The Muzaffarnagar jaggery is a variety of jaggery (non-centrifugal cane sugar) made from fresh sugarcane juice in the Indian state of Uttar Pradesh. It is an agri-product manufactured from sugarcane which is a common and widely cultivated crop majorily in the districts of Muzaffarnagar and also in Bijnor, Shamli, Baghpat, Meerut and Shajahanpur. Muzaffarnagar hosts India's largest jaggery market, accounting for 20% of the country's total jaggery production. The city's jaggery is considered lucky by many and is a significant contributor to India's traditional sweetener production.

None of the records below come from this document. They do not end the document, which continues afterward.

(* $A_4(\frac15,\frac15,\frac15,\frac15,\frac15)$ has a unique rational solution of Type C, namely $(f_0,f_1,f_2,f_3,f_4)=(\frac t5,\frac t5,\frac t5,\frac t5,\frac t5)$.
   Context: The $A_4^{(1)}$ Painlevé equation $A_4(\alpha_0,\dots,\alpha_4)$ is the system for five functions $f_0,\dots,f_4$ of $t$ (indices in $\mathbb{Z}/5\mathbb{Z}$, ${}'=d/dt$): $f_j'=f_j(f_{j+1}-f_{j+2}+f_{j+3}-f_{j+4})+\alpha_j$ ($j=0,\dots,4$), $f_0+\dots+f_4=t$. A rational solution is a tuple of rational functions satisfying it. It is of Type C if all of $f_0,\dots,f_4$ have a pole at $t=\infty$. *)

(* Rational functions in t over a field C are elements of the
   fraction field {fraction {poly C}}; t is the polynomial variable 'X. *)
From HB Require Import structures.
From mathcomp Require Import all_boot all_order all_algebra.
From mathcomp Require Import generic_quotient fraction.
Set Implicit Arguments. Unset Strict Implicit. Unset Printing Implicit Defensive.
Import Order.TTheory GRing.Theory Num.Theory.
Local Open Scope ring_scope.
Local Open Scope quotient_scope.

Notation "x %:F" := (@FracField.tofrac _ x) : ring_scope.

Section RatFun.
Variable C : fieldType.
Local Notation ratfun := {fraction {poly C}}.

Definition rnum (f : ratfun) : {poly C} := \n_(repr f).
Definition rden (f : ratfun) : {poly C} := \d_(repr f).

(* d/dt of a rational function: (n/d)' = (n' d - n d') / d^2
   (independent of the chosen representative) *)
Definition rderiv (f : ratfun) : ratfun :=
  ((rnum f)^`() * rden f - rnum f * (rden f)^`())%:F / (rden f * rden f)%:F.

Definition tvar : ratfun := ('X)%:F.

Definition pole_at_infty (f : ratfun) : bool := (size (rden f) < size (rnum f))%N.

Under its Geographical Indication tag, it is referred to as "Muzaffarnagar Gur (Jaggery)".

==Name==
Muzaffarnagar jaggery made from sugarcane is a prized crop in Muzaffarnagar and so named after the place.

===Local name===
It is known as "Muzaffarnagar Gur". The word "Gur" means jaggery in the local state language of Hindi.

==Description==
It is manufactured in the product form of liquid, powder & solid - with 80% preparation in solid form. Some of the common shapes are:

| Shape | Description | Weight |
|---|---|---|
| Laddu (bheti) | Small spherical / Semi-spherical lumps | 50 to 250 grams |
| Dhayya (bheti) | Semi-spherical lumps | 2 to 3 kg |
| Pari | Semi-spherical lumps | 1 to 2 kg |
| Chaukhanta | Trapezodial lumps | 4 to 5 kg |
| Pansera | Semi-spherical lumps | 5 to 6 kg |
| Dhansera | Semi-spherical lumps | 9 to 10 kg |
| Balti | Tapered cylindrical lumps | 10 to 20 kg |
| Chaku | Trapezodial lumps | 10 to 20 kg |
| Khurpa pad | Small trapezoidal slabs | 250 to 500 grams |

==Traditional jaggery production==
The jaggery-making process involves five key steps:
1. Extraction of juice from sugarcane is done using a crusher, typically a three-roller vertical cane crusher, which extracts about 60% of juice.
2. Clarification of juice follows, using natural or chemical clarificants like sukhlai (a traditional ingredient, purifies and enhances the color of Gur, removing impurities and imparting a golden-brown hue and earthy flavor.) to remove impurities.
3. Boiling and concentration of juice then occurs to produce syrup, where juice is boiled briskly to evaporate water and ingredients like mustard oil are added to prevent frothing.
4. Cooling and molding into desired shapes, such as irregular or cake forms, takes place next, where hot syrup is worked out and left to solidify.
5. Finally, final shaping and packaging occur, where the semi-solid product is transferred to a flat platform, cooled, and a handful of phatki or alum is added to enhance color and texture, resulting in dark brownish jaggery with a fair texture.

==Usage==
It is the oldest sweetening agent, used in various dishes and beverages. It is used in sweet dishes like laddoos, puran polis, kheer, and pitheys, as well as savory dishes. It plays a key role, including the festival of Makar Sankranti across India,

==Geographical indication==
It was awarded the Geographical Indication (GI) status tag from the Geographical Indications Registry under the Union Government of India on 31 March 2023 (valid until 1 December 2030).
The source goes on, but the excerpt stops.